Look — I appreciate I aspire to be something of a history buff myself, and am therefore biased. I also appreciate that maths, sciences, and technology are probably the most vital tools with which a student can arm themself when entering the jobs market these days.
But anyone who thinks there is no place for history in our school curricula is living in cloud cuckoo land when they should try living in the past a little more.
Henry Ford famously said that history is bunk — but then again, his company came up with the Edsel, a car so bad that its grille was compared to a toilet seat.
Ford was wrong, and thankfully, the Irish education system has long cherished history as a subject — indeed, I’ve heard it said that if the Brits learned more about their history, and the Irish forgot more of theirs, the world might be a better place.
But, from this month, all that is to change. In our leaders’ wisdom, they are dropping History as a compulsory subject in the junior cycle. From this new term, just three subjects will be mandatory — Irish, English and Maths.
That is bonkers. Ireland is only the third country in the world to remove History from its core subject curriculum — after the UK (like, duh?) and Albania.
Fianna Fáil leader and Cork TD Micheál Martin — a history teacher in a previous life, lest we forget — has taken up the mantle and insisted he will reverse this decision if he gets into power. And that’s a vote-winner in my book.

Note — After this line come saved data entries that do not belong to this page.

(* Let $H$ be a $d\times d$ Hermitian matrix with eigendecomposition $H=U\,\mathrm{diag}(\mathbf{q})\,U^\dagger$, where $U$ is unitary and $\mathbf{q}\in\mathbb{R}^d$ lists the eigenvalues. Let $t\ge 1/d$. Then $$\max_{\rho\in S^t}\mathrm{Tr}(\rho H)=\max_{\mathbf{p}\in P(t)}\mathbf{p}\cdot\mathbf{q},$$ and if $\mathbf{p}^*$ is a maximizer of the right-hand side, then $\rho^*=U\,\mathrm{diag}(\mathbf{p}^* )\,U^\dagger$ is a maximizer of the left-hand side.
   Context: $S^t=\{\rho\in\mathcal{L}(\mathbb{C}^d):\rho\succeq 0,\ \mathrm{Tr}(\rho)=1,\ \mathrm{Tr}(\rho^2)\le t\}$ is the set of density operators of purity at most $t$. $P(t)=\{\mathbf{p}\in\mathbb{R}^d:\mathbf{p}\ge 0,\ \sum_i\mathbf{p}_i=1,\ \mathbf{p}\cdot\mathbf{p}\le t\}$. $\mathrm{diag}(\mathbf{a})$ is the diagonal matrix with diagonal $\mathbf{a}$. *)

From HB Require Import structures.
From mathcomp Require Import all_boot all_order all_algebra.
From mathcomp Require Import sesquilinear spectral.
Set Implicit Arguments. Unset Strict Implicit. Unset Printing Implicit Defensive.
Import Order.TTheory GRing.Theory Num.Theory.
Local Open Scope ring_scope.
Local Open Scope sesquilinear_scope.

(* Complex scalars: any numeric closed field C (e.g. algC, or R[i]). *)
Section Defs.
Variables (C : numClosedFieldType) (d : nat).

Definition hermitian_mx (H : 'M[C]_d) : Prop := H ^t* = H.

Definition psd (rho : 'M[C]_d) : Prop :=
  hermitian_mx rho /\ forall v : 'rV[C]_d, 0 <= (v *m rho *m v ^t*) 0 0.

Definition St (t : C) (rho : 'M[C]_d) : Prop :=
  psd rho /\ \tr rho = 1 /\ \tr (rho *m rho) <= t.

(* dot product of vectors in R^d (stored as real row vectors over C) *)
Definition dotv (p q : 'rV[C]_d) : C := \sum_(i < d) p 0 i * q 0 i.

Definition Pt (t : C) (p : 'rV[C]_d) : Prop :=
  p \is a realmx /\ (forall i, 0 <= p 0 i) /\ \sum_(i < d) p 0 i = 1
  /\ dotv p p <= t.

Definition Pt_maximizer (t : C) (q p : 'rV[C]_d) : Prop :=
  Pt t p /\ forall p' : 'rV[C]_d, Pt t p' -> dotv p' q <= dotv p q.

Definition St_maximizer (t : C) (H rho : 'M[C]_d) : Prop :=
  St t rho /\ forall r : 'M[C]_d, St t r -> \tr (r *m H) <= \tr (rho *m H).
End Defs.

(* For a density matrix r, the diagonal of U^dagger r U is a probability vector
   whose purity is at most Tr(r^2), since the off-diagonal entries only add
   |r_ij|^2, and whose dot product with q is Tr(r H); conversely
   U diag(p) U^dagger lies in S^t and pairs with H to p.q.  So both maxima agree
   and maximizers correspond, once p.q is known to attain its maximum on P(t).
   Without compactness over an arbitrary numeric closed field, the maximizer is
   built by water-filling: p_i = max(a q_i - b, 0), the threshold being found
   between two consecutive eigenvalues by solving a quadratic, and optimality
   follows from the KKT conditions and Cauchy-Schwarz.  The degenerate cases are
   t = 1/d, where P(t) is a point, and t >= 1/m, m the multiplicity of the top
   eigenvalue, where the uniform vector on the top eigenspace is optimal. *)

From HB Require Import structures.
From mathcomp Require Import all_boot all_order all_algebra.
From mathcomp Require Import sesquilinear spectral.
From mathcomp Require Import ring lra.
Import Order.TTheory GRing.Theory Num.Theory.
Local Open Scope ring_scope.
Local Open Scope sesquilinear_scope.

Section Waterfilling.
Context {R : realFieldType} {d : nat} (t : R) (q : 'I_d -> R).

Definition Pt_fun (p : 'I_d -> R) : Prop :=
  (forall i, 0 <= p i) /\ \sum_i p i = 1 /\ \sum_i p i ^+ 2 <= t.

Definition Pt_fun_maximizer (p : 'I_d -> R) : Prop :=
  Pt_fun p /\ forall p', Pt_fun p' -> \sum_i p' i * q i <= \sum_i p i * q i.

Definition pospart (x : R) := Num.max x 0.

Lemma pospart_ge0 x : 0 <= pospart x.
Proof. by rewrite le_max lexx orbT. Qed.

Lemma pospart_ge x : x <= pospart x.
Proof. by rewrite le_max lexx. Qed.

Lemma pospart_id x : 0 <= x -> pospart x = x.
Proof. exact: max_l. Qed.

Lemma pospart_eq0 x : x <= 0 -> pospart x = 0.
Proof. exact: max_r. Qed.

Lemma pospart_eq0P x : (pospart x == 0) = (x <= 0).
Proof. by rewrite eq_le pospart_ge0 andbT ge_max lexx andbT. Qed.

Lemma pospart_sqr x : pospart x ^+ 2 = x * pospart x.
Proof.
by case: (lerP 0 x) => [/pospart_id | /ltW/pospart_eq0] ->; rewrite ?expr2 ?mulr0.
Qed.

Lemma pospartZ a x : 0 <= a -> pospart (a * x) = a * pospart x.
Proof. by move=> a_ge0; rewrite /pospart maxr_pMr // mulr0. Qed.

(* Sufficiency of the KKT conditions: [p' . p <= t] for every feasible [p'] by
   Cauchy-Schwarz, and [a q_i - b <= p_i] with equality on the support of [p]. *)
Lemma waterfill_maximizer (a b : R) : 0 < a ->
  \sum_i pospart (a * q i - b) = 1 -> \sum_i pospart (a * q i - b) ^+ 2 = t ->
  Pt_fun_maximizer (fun i => pospart (a * q i - b)).
Proof.
move=> a_gt0 p_sum p_sqsum.
split; first by split; [move=> i; exact: pospart_ge0 | rewrite p_sqsum].
move=> p' [p'_ge0 [p'_sum p'_sqsum]].
set p := fun i => pospart (a * q i - b) in p_sum p_sqsum *.
have p'_lin : a * \sum_i p' i * q i - b <= \sum_i p' i * p i.
  rewrite mulr_sumr -[b]mulr1 -p'_sum mulr_sumr -sumrB; apply: ler_sum => i _.
  by have := pospart_ge (a * q i - b); have := p'_ge0 i; rewrite /p; nra.
have p_lin : a * \sum_i p i * q i - b = t.
  rewrite mulr_sumr -[b]mulr1 -p_sum mulr_sumr -sumrB -p_sqsum.
  by apply: eq_bigr => i _; rewrite /p pospart_sqr; ring.
have p'p_le : 2 * \sum_i p' i * p i <= \sum_i p' i ^+ 2 + \sum_i p i ^+ 2.
  rewrite mulr_sumr -big_split /=; apply: ler_sum => i _.
  by have := sqr_ge0 (p' i - p i); nra.
have : a * (\sum_i p' i * q i - \sum_i p i * q i) <= 0 by nra.
by rewrite pmulr_rle0 // subr_le0.
Qed.

Definition top_card r : R := #|[pred i | r <= q i]|%:R.
Definition top_sum r := \sum_(i | r <= q i) q i.
Definition top_sqsum r := \sum_(i | r <= q i) q i ^+ 2.

Lemma top_card_gt0 {r i} : r <= q i -> 0 < top_card r.
Proof. by move=> ri; rewrite ltr0n; apply/card_gt0P; exists i. Qed.

Lemma sum_top_const r (c : R) : \sum_(i | r <= q i) c = top_card r * c.
Proof. by rewrite sumr_const mulr_natl. Qed.

Lemma sum_top r (c : R) : \sum_i (if r <= q i then c else 0) = top_card r * c.
Proof. by rewrite -big_mkcond sum_top_const. Qed.

Lemma top_uniform_maximizer (iM : 'I_d) : (forall j, q j <= q iM) ->
  (top_card (q iM))^-1 <= t ->
  Pt_fun_maximizer (fun i => if q iM <= q i then (top_card (q iM))^-1 else 0).
Proof.
set M := q iM; set k := top_card M => qM k_le.
have k_gt0 : 0 < k := top_card_gt0 (lexx (q iM)).
have top_eq i : (M <= q i) = (q i == M) by rewrite eq_le qM.
split.
  split; first by move=> i /=; case: ifP => _ //; rewrite invr_ge0 ltW.
  rewrite sum_top mulfV ?gt_eqF //; split=> //.
  rewrite (eq_bigr (fun i => if M <= q i then k^-1 ^+ 2 else 0)) => [|i _].
    by rewrite sum_top expr2 mulrA mulfV ?gt_eqF ?mul1r.
  by case: ifP; rewrite ?expr0n.
move=> p' [p'_ge0 [p'_sum _]].
rewrite [X in _ <= X](eq_bigr (fun i => if M <= q i then k^-1 * M else 0)) => [|i _]; last first.
  by case: ifP => [Mq|_]; rewrite ?mul0r // (eqP (_ : q i == M)) -?top_eq.
rewrite sum_top mulrA mulfV ?gt_eqF // mul1r -[M]mul1r -p'_sum mulr_suml.
by apply: ler_sum => i _; rewrite ler_wpM2l.
Qed.

(* At minimal purity [t = 1/d] the uniform vector is the only feasible point:
   [\sum_i (p_i - 1/d)^2 = \sum_i p_i^2 - 1/d]. *)
Lemma uniform_maximizer : (0 < d)%N -> t = d%:R^-1 ->
  Pt_fun_maximizer (fun _ => d%:R^-1).
Proof.
move=> d_gt0 t_min.
have d_neq0 : d%:R != 0 :> R by rewrite pnatr_eq0 -lt0n.
have sum_const (c : R) : \sum_(i < d) c = d%:R * c by rewrite sumr_const card_ord mulr_natl.
have uniform_feasible : Pt_fun (fun _ => d%:R^-1).
  split; first by move=> i; rewrite invr_ge0 ler0n.
  by rewrite !sum_const mulfV // expr2 mulrA mulfV // mul1r t_min.
split=> // p' [p'_ge0 [p'_sum p'_sqsum]].
have dev : \sum_i (p' i - d%:R^-1) ^+ 2 = \sum_i p' i ^+ 2 - d%:R^-1.
  rewrite (eq_bigr (fun i => p' i ^+ 2 - 2 * d%:R^-1 * p' i + d%:R^-1 ^+ 2)) => [|i _]; last by ring.
  rewrite big_split sumrB /= -mulr_sumr p'_sum sum_const expr2 mulrA mulfV //; ring.
have /eqP : \sum_i (p' i - d%:R^-1) ^+ 2 = 0.
  apply/eqP; rewrite eq_le sumr_ge0 ?andbT => [|i _]; last exact: sqr_ge0.
  by rewrite dev subr_le0 -t_min.
rewrite psumr_eq0 => [/allP p'_eq|i _]; last exact: sqr_ge0.
rewrite (eq_bigr (fun i => d%:R^-1 * q i)) // => i _.
by have /(_ (mem_index_enum i)) := p'_eq i; rewrite sqrf_eq0 subr_eq0 => /eqP ->.
Qed.

(* With threshold [s] the water-filling vector is [pospart (q - s) / mass s], of
   purity [sqmass s / mass s ^+ 2]; a root of [excess] has purity exactly [t]. *)
Definition mass s := \sum_i pospart (q i - s).
Definition sqmass s := \sum_i pospart (q i - s) ^+ 2.
Definition excess s := sqmass s - t * mass s ^+ 2.

Lemma mass_ge0 s : 0 <= mass s.
Proof. by apply: sumr_ge0 => i _; exact: pospart_ge0. Qed.

Lemma mass_eq0 s : (mass s == 0) = [forall i, q i <= s].
Proof.
rewrite psumr_eq0 => [|i _]; last exact: pospart_ge0.
by apply/allP/forallP => [q_le i|q_le i _]; [have := q_le i (mem_index_enum i) | have := q_le i];
  rewrite pospart_eq0P subr_le0.
Qed.
(* Let $k\subset L$ be a finite cyclic field extension, with $r:=[L:k]=\prod_{i=1}^mp_i^{\alpha_i}$ where the $p_i$ are distinct primes and $\alpha_i\geq 1$. Let $\mathbb D_r$ be the set of positive divisors of $r$ and $\mathcal A$ the set of atoms of $[k,L]$. Then: (1) For each $i\in\{1,\ldots,m\}$ there is a unique $A_i\in\mathcal A$ with $[A_i:k]=p_i$; and $T\in[k,L]$ lies in $\mathcal A$ if and only if $[T:k]=p_i$ for some $i$. (2) $\mathcal S[k,L]=\prod_{i=1}^mA_i$. (3) Let $\alpha:=\sup\{\alpha_i\}$ and let $\{S_j\}_{j=0}^n$ be the Loewy series of $k\subset L$. For $j\in\{0,\ldots,n\}$, $[S_j:k]=\prod_{i=1}^mp_i^{\beta_i}$ where $\beta_i=\alpha_i$ if $\alpha_i<j$ and $\beta_i=j$ if $\alpha_i\geq j$. Moreover, $T\in[k,L]$ is an atom of $[S_j,S_{j+1}]$ if and only if $[T:k]=\prod_{i=1}^mp_i^{\gamma_i}$ where there is an index $i_0$ with $\beta_{i_0}<\alpha_{i_0}$ such that $\gamma_{i_0}=\beta_{i_0}+1$ and $\gamma_i=\beta_i$ for $i\neq i_0$. In particular $\alpha=n$. (4) $S_j\subset S_{j+1}$ is Boolean for each $j\in\{0,\ldots,n-1\}$. (5) For $T\in[k,L]$ with $T\neq k$: $T$ is $\Pi$-irreducible in $[k,L]$ if and only if $[T:k]=p_i^{\beta}$ for some $i\in\{1,\ldots,m\}$ and some $\beta\in\{1,\ldots,\alpha_i\}$. (6) $|[k,L]|=\mathrm d([L:k])=\prod_{i=1}^m(\alpha_i+1)=|\mathbb D_r|$, where $\mathrm d$ is the number of divisors. If $\mathcal A_j$ denotes the set of atoms of $[S_j,S_{j+1}]$, then $\ell[k,L]=\sum_{j=0}^{\alpha-1}|\mathcal A_j|=\sum_{i=1}^m\alpha_i$, which is the number of $\Pi$-irreducible elements of $[k,L]$ different from $k$. (7) The following are equivalent: (a) $k\subset L$ is a $\mathcal P$-extension; (b) $k\subset L$ is either Boolean or a chain; (c) either $m=1$ or $\alpha=1$.
   Context: For a field extension $k\subseteq L$, $[k,L]$ is the lattice of intermediate fields (meet = intersection, join = compositum $TU$). $K\subset K'$ is minimal if $[K,K']=\{K,K'\}$; an atom of $[K,K'']$ is $K'$ with $K\subset K'$ minimal and $K'\subseteq K''$. The socle $\mathcal S[K,L]$ is the compositum of all atoms of $[K,L]$; the Loewy series of $k\subset L$ is $S_0=k$, $S_{j+1}=\mathcal S[S_j,L]$ while $S_j\neq L$, with $n$ least such that $S_n=L$. $\ell[k,L]$ is the supremum of lengths of chains in $[k,L]$. The extension $K\subseteq K'$ is Boolean if $[K,K']$ is a distributive lattice in which every element $V$ has a complement $V'$ ($V\cap V'=K$, $VV'=K'$). $k\subset L$ is a $\mathcal P$-extension if $[k,L]=\bigcup_{j=0}^{n-1}[S_j,S_{j+1}]$. An element $T\in[k,L]$ is $\Pi$-irreducible if $T=T_1T_2$ with $T_1,T_2\in[k,L]$ implies $T=T_1$ or $T=T_2$. *)

From HB Require Import structures.
From mathcomp Require Import all_boot all_order all_algebra all_fingroup all_solvable all_field.
From Stdlib Require Import ClassicalEpsilon.
Set Implicit Arguments. Unset Strict Implicit. Unset Printing Implicit Defensive.
Import GRing.Theory.
Local Open Scope ring_scope.

(* The interval [K, E] consists of the subfields T of L with K <= T <= E;
   meet = intersection (T :&: U)%AS, join = compositum (T * U)%AS. *)
Section FieldLattice.
Variables (F : fieldType) (L : fieldExtType F).
Implicit Types K E T U V : {subfield L}.

Definition in_interval K E T : Prop := (K <= T)%VS /\ (T <= E)%VS.

Definition sub_strict K E : Prop := (K <= E)%VS /\ K <> E.

Definition minimal_ext K K' : Prop :=
  sub_strict K K' /\ forall T, in_interval K K' T -> T = K \/ T = K'.

Definition atom K E A : Prop := minimal_ext K A /\ (A <= E)%VS.

(* S is the compositum of all atoms of [K, E] (the compositum of the empty
   family being K): the smallest subfield containing K and all atoms. *)
Definition is_socle K E S : Prop :=
  (K <= S)%VS /\ (forall A, atom K E A -> (A <= S)%VS) /\
  (forall T, (K <= T)%VS -> (forall A, atom K E A -> (A <= T)%VS) -> (S <= T)%VS).

Definition socle K E : {subfield L} :=
  epsilon (inhabits K) (is_socle K E).

Fixpoint loewy K E (j : nat) : {subfield L} :=
  match j with
  | 0 => K
  | j'.+1 => socle (loewy K E j') E
  end.

Definition loewy_length K E (n : nat) : Prop :=
  loewy K E n = E /\ forall j, (j < n)%N -> loewy K E j <> E.

Definition boolean_ext K E : Prop :=
  (forall T U V, in_interval K E T -> in_interval K E U -> in_interval K E V ->
     (T :&: (U * V))%AS = ((T :&: U) * (T :&: V))%AS /\
     (T * (U :&: V))%AS = ((T * U) :&: (T * V))%AS) /\
  (forall V, in_interval K E V ->
     exists V', in_interval K E V' /\ (V :&: V')%AS = K /\ (V * V')%AS = E).

Definition chain_ext K E : Prop :=
  forall T U, in_interval K E T -> in_interval K E U -> (T <= U)%VS \/ (U <= T)%VS.

Definition P_ext K E : Prop :=
  exists n, loewy_length K E n /\
    forall T, in_interval K E T ->
      exists j, (j < n)%N /\ in_interval (loewy K E j) (loewy K E j.+1) T.

Definition pi_irreducible K E T : Prop :=
  forall T1 T2, in_interval K E T1 -> in_interval K E T2 ->
    T = (T1 * T2)%AS -> T = T1 \/ T = T2.

Definition has_chain K E (l : nat) : Prop :=
  exists c : nat -> {subfield L},
    (forall i, (i <= l)%N -> in_interval K E (c i)) /\
    (forall i, (i < l)%N -> sub_strict (c i) (c i.+1)).

Definition lattice_length K E (l : nat) : Prop :=
  has_chain K E l /\ forall l', has_chain K E l' -> (l' <= l)%N.

Definition card_subfields (P : {subfield L} -> Prop) (c : nat) : Prop :=
  exists s : seq {subfield L}, uniq s /\ (forall T, T \in s <-> P T) /\ size s = c.

End FieldLattice.

From HB Require Import structures.
From mathcomp Require Import all_boot all_order all_algebra all_fingroup all_solvable all_field.
From mathcomp Require Import zify.
From Stdlib Require Import ClassicalEpsilon.
Set Implicit Arguments. Unset Strict Implicit. Unset Printing Implicit Defensive.

(* By the Galois correspondence, [K, E] is anti-isomorphic to the subgroup
   lattice of the cyclic group Gal(E/K) of order r, which is in turn
   anti-isomorphic to the divisor lattice of r.  Hence T |-> [T:K] is a lattice
   isomorphism from [K, E] onto the divisors of r, and writing
   [T:K] = prod_p p^(e_p T), the interval becomes the box of exponent vectors
   0 <= e_p <= alpha_p = v_p(r), ordered componentwise, with intersection and
   compositum given by min and max.  In the box, the atoms above e are the
   vectors e + delta_p, so the socle of e is min(e + 1, alpha) and the j-th
   Loewy layer is min(j, alpha); every statement of the theorem then becomes
   a counting or order statement about this box. *)

Definition pprod (s : seq nat) (v : nat -> nat) := (\prod_(p <- s) p ^ v p)%N.

Lemma pprod_cons p s v : pprod (p :: s) v = (p ^ v p * pprod s v)%N.
Proof. by rewrite /pprod big_cons. Qed.

Lemma pprod_gt0 s v : all prime s -> 0 < pprod s v.
Proof.
elim: s => [|p s IHs] /=; first by rewrite /pprod big_nil.
by case/andP=> /prime_gt0 p_gt0 /IHs; rewrite pprod_cons muln_gt0 expn_gt0 p_gt0.
Qed.

Lemma logn_pprod s v q : uniq s -> all prime s ->
  logn q (pprod s v) = if q \in s then v q else 0.
Proof.
elim: s => [|p s IHs] /=; first by rewrite /pprod big_nil logn1.
case/andP=> p_s s_uniq /andP[p_pr s_pr].
rewrite pprod_cons lognM ?pprod_gt0 ?expn_gt0 ?prime_gt0 // lognX logn_prime //.
rewrite IHs // in_cons; case: eqP => [->|_] /=; last by rewrite muln0.
by rewrite (negbTE p_s) muln1 addn0.
Qed.

Lemma pprod_logn r d : 0 < r -> d %| r -> pprod (primes r) (logn^~ d) = d.
Proof.
move=> r_gt0 d_r; have d_gt0 := dvdn_gt0 r_gt0 d_r.
apply: eqn_from_log; rewrite ?pprod_gt0 ?all_prime_primes // => q.
rewrite logn_pprod ?primes_uniq ?all_prime_primes //.
case: ifP => // q_r; apply/esym/eqP; rewrite -leqn0 leqNgt logn_gt0.
apply: contraFN q_r; rewrite !mem_primes r_gt0 => /and3P[-> _ q_d].
exact: dvdn_trans q_d d_r.
Qed.

Lemma dvdn_pprod s v w : {in s, forall p, v p <= w p} -> pprod s v %| pprod s w.
Proof.
elim: s => [|p s IHs] le_vw; first by rewrite /pprod !big_nil.
rewrite !pprod_cons dvdn_mul ?dvdn_exp2l ?le_vw ?mem_head // IHs // => q q_s.
by rewrite le_vw // in_cons q_s orbT.
Qed.

Lemma eq_pprod s v w : uniq s -> all prime s ->
  pprod s v = pprod s w <-> {in s, v =1 w}.
Proof.
move=> s_uniq s_pr; split=> [eq_vw q q_s | eq_vw].
  by have := logn_pprod v q s_uniq s_pr; rewrite eq_vw logn_pprod // q_s.
by apply: eq_big_seq => p /eq_vw ->.
Qed.

Fixpoint pprod_box (s : seq nat) (a : nat -> nat) : seq nat :=
  if s is p :: s' then
    [seq (p ^ i * d)%N | i <- iota 0 (a p).+1, d <- pprod_box s' a]
  else [:: 1%N].

Lemma pprod_box_cons p s a : pprod_box (p :: s) a =
  [seq (p ^ i * d)%N | i <- iota 0 (a p).+1, d <- pprod_box s a].
Proof. by []. Qed.
Arguments pprod_box : simpl never.

Lemma size_pprod_box s a : size (pprod_box s a) = (\prod_(p <- s) (a p).+1)%N.
Proof.
elim: s => [|p s IHs]; first by rewrite big_nil.
rewrite big_cons -IHs -(size_iota 0 (a p).+1).
exact: (size_allpairs (fun i d => (p ^ i * d)%N)).
Qed.

Lemma mem_pprod_box s a d : uniq s ->
  d \in pprod_box s a <-> exists2 v, {in s, forall p, v p <= a p} & d = pprod s v.
Proof.
elim: s d => [|p s IHs] d.
  move=> _; rewrite inE; split=> [/eqP ->|[v _ ->]]; last by rewrite /pprod big_nil.
  by exists (fun _ => 0%N); rewrite // /pprod big_nil.
rewrite pprod_box_cons [uniq _]/= => /andP[p_s s_uniq]; split.
  case/allpairsP=> [[i e] [i_a e_box ->]].
  rewrite mem_iota /= ltnS in i_a; simpl in e_box |- *.
  have [v le_va ->] := (IHs e s_uniq).1 e_box.
  exists (fun q => if q == p then i else v q).
    move=> q; rewrite in_cons; case: eqP => [-> _|_ /= q_s]; last exact: le_va.
    by [].
  rewrite pprod_cons eqxx; congr (_ * _)%N; apply: eq_big_seq => q q_s.
  by case: eqP => // eq_qp; rewrite -eq_qp q_s in p_s.
case=> v le_va ->; apply/allpairsP; exists (v p, pprod s v); split.
- by rewrite mem_iota /= ltnS le_va ?mem_head.
- by apply/IHs => //; exists v => // q q_s; rewrite le_va // in_cons q_s orbT.
- by rewrite pprod_cons.
Qed.

Lemma uniq_pprod_box s a : uniq s -> all prime s -> uniq (pprod_box s a).
Proof.
elim: s => [|p s IHs] // /andP[p_s s_uniq] /andP[p_pr s_pr].
rewrite pprod_box_cons; apply: allpairs_uniq; rewrite ?iota_uniq ?IHs //.
move=> [i d] [j e] /allpairsP[[i1 d1] [_ d1_box [-> ->]]].
move=> /allpairsP[[j1 e1] [_ e1_box [-> ->]]] /= eq_ij.
have [v _ d1E] := (mem_pprod_box a d1 s_uniq).1 d1_box.
have [w _ e1E] := (mem_pprod_box a e1 s_uniq).1 e1_box.
have lognE x u : logn p (p ^ x * pprod s u) = x.
  rewrite lognM ?pprod_gt0 ?expn_gt0 ?prime_gt0 // lognX logn_prime // eqxx.
  by rewrite logn_pprod // (negbTE p_s) muln1 addn0.
have eq_ij1 : i1 = j1 by rewrite -(lognE i1 v) -d1E eq_ij e1E lognE.
subst j1; congr (_, _); apply/eqP.
have pi1_gt0 : 0 < p ^ i1 by rewrite expn_gt0 prime_gt0.
by rewrite -(eqn_pmul2l pi1_gt0) eq_ij.
Qed.

Lemma size_divisors r : 0 < r ->
  size (divisors r) = (\prod_(p <- primes r) (logn p r).+1)%N.
Proof.
move=> r_gt0; rewrite -size_pprod_box; apply/perm_size/uniq_perm.
- exact: divisors_uniq.
- by rewrite uniq_pprod_box ?primes_uniq ?all_prime_primes.
move=> d; rewrite -dvdn_divisors //; apply/idP/idP => [d_r|].
  apply/mem_pprod_box; rewrite ?primes_uniq //; exists (logn^~ d).
    by move=> p _; apply: dvdn_leq_log.
  by rewrite pprod_logn.
case/mem_pprod_box=> [|v le_v ->]; first exact: primes_uniq.
by rewrite -{2}(pprod_logn r_gt0 (dvdnn r)); apply: dvdn_pprod.
Qed.

Lemma size_seq1 (T : Type) (s : seq T) : size s = 1 -> exists x, s = [:: x].
Proof. by case: s => [|x []] // _; exists x. Qed.

Lemma uniq_exists_neq (T : eqType) (s : seq T) x : x \in s -> uniq s -> size s != 1 ->
  exists2 y, y \in s & y != x.
Proof.
case: s => [|y [|z s]] //= x_s /andP[]; rewrite in_cons negb_or => /andP[neq_yz _] _ _.
have [eq_xy | neq_xy] := eqVneq x y; last by exists y; rewrite ?mem_head // eq_sym.
by exists z; rewrite ?in_cons ?eqxx ?orbT // eq_xy eq_sym.
Qed.

Lemma count_sum_nat (T : Type) (a : pred T) s : count a s = (\sum_(x <- s) a x)%N.
Proof. by rewrite -sum1_count big_mkcond. Qed.

Lemma sum_ord_ltn n m : (\sum_(j < n) (j < m : nat))%N = minn m n.
Proof.
elim: n => [|n IHn]; first by rewrite big_ord0 minn0.
by rewrite big_ord_recr /= IHn; case: ltnP => ?; lia.
Qed.

Lemma sum_count_ltn_logn r :
  (\sum_(j < \max_(p <- primes r) logn p r) count (fun p => j < logn p r) (primes r))%N =
  (\sum_(p <- primes r) logn p r)%N.
Proof.
rewrite (eq_bigr (fun j : 'I__ => \sum_(p <- primes r) (j < logn p r : nat))%N); last first.
  by move=> j _; rewrite count_sum_nat.
rewrite exchange_big /=; apply: eq_big_seq => p pP.
by rewrite sum_ord_ltn; apply/minn_idPl; apply: (@leq_bigmax_seq _ _ xpredT (logn^~ r)).
Qed.

Section SubfieldLattice.
Variables (F : fieldType) (L : fieldExtType F).
Implicit Types A T U : {subfield L}.

Lemma dim_sup_gt0 A T : (A <= T)%VS -> 0 < \dim_A T.
Proof.
move=> sAT; have dimT_gt0 := adim_gt0 T.
by rewrite (dim_sup_field sAT) muln_gt0 in dimT_gt0; case/andP: dimT_gt0.
Qed.

Lemma dim_tower A T U : (A <= T)%VS -> (T <= U)%VS ->
  \dim_A U = (\dim_A T * \dim_T U)%N.
Proof.
move=> sAT sTU; rewrite [in LHS](dim_sup_field sTU).
by rewrite [in X in (_ * X)%N %/ _](dim_sup_field sAT) mulnA mulnK ?adim_gt0 // mulnC.
Qed.

Lemma in_interval_trans A B T U X :
  in_interval A B T -> in_interval A B U -> in_interval T U X -> in_interval A B X.
Proof.
move=> [sAT _] [_ sUB] [sTX sXU].
by split; [exact: subv_trans sAT sTX | exact: subv_trans sXU sUB].
Qed.

Lemma socleE (K E S : {subfield L}) : is_socle K E S -> socle K E = S.
Proof.
move=> S_socle; have := epsilon_spec (inhabits K) (is_socle K E) (ex_intro _ S S_socle).
rewrite -/(socle K E) => -[sK_socle [atom_socle socle_min]].
case: S_socle => [sKS [atom_S S_min]].
by apply: val_inj; apply: subv_anti; rewrite S_min ?socle_min.
Qed.

Lemma big_prodv_aspace (A : nat -> {subfield L}) s : exists B : {subfield L},
  (B : {vspace L}) = (\big[@prodv F L/1%VS]_(p <- s) (A p : {vspace L}))%VS.
Proof.
elim: s => [|p s [B defB]]; first by exists 1%AS; rewrite big_nil.
by exists (A p * B)%AS; rewrite big_cons -defB.
Qed.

He described the junior cycle reforms as a “catastrophe” for the subject and told an audience at the West Cork History Festival last month: “If you don’t (have it as a compulsory subject), you will have no follow through in the Leaving Certificate and it would eventually lead, in my view, to the elimination of History.”
His has been joined in his opposition to the reforms by President Michael D Higgins, who said history was the “inheritance of all our people”.
Well, this month, our young generation has been disinherited.
Then again, in 20 years’ time, we’re unlikely to see evidence of the ignorance of our people in the shape of TV and radio quizzes. By then, any query on knowledge will be met with a simple reply: “Google it...”
PS: Oh, and while the schools in the UK are tackling their nation’s woeful lack of history knowledge, they might also tap on the shoulders of the people in charge of teaching geography.
Perhaps, then, we might eventually see an end to Ireland’s sporting stars being hailed — even by the likes of the BBC — as ‘British’.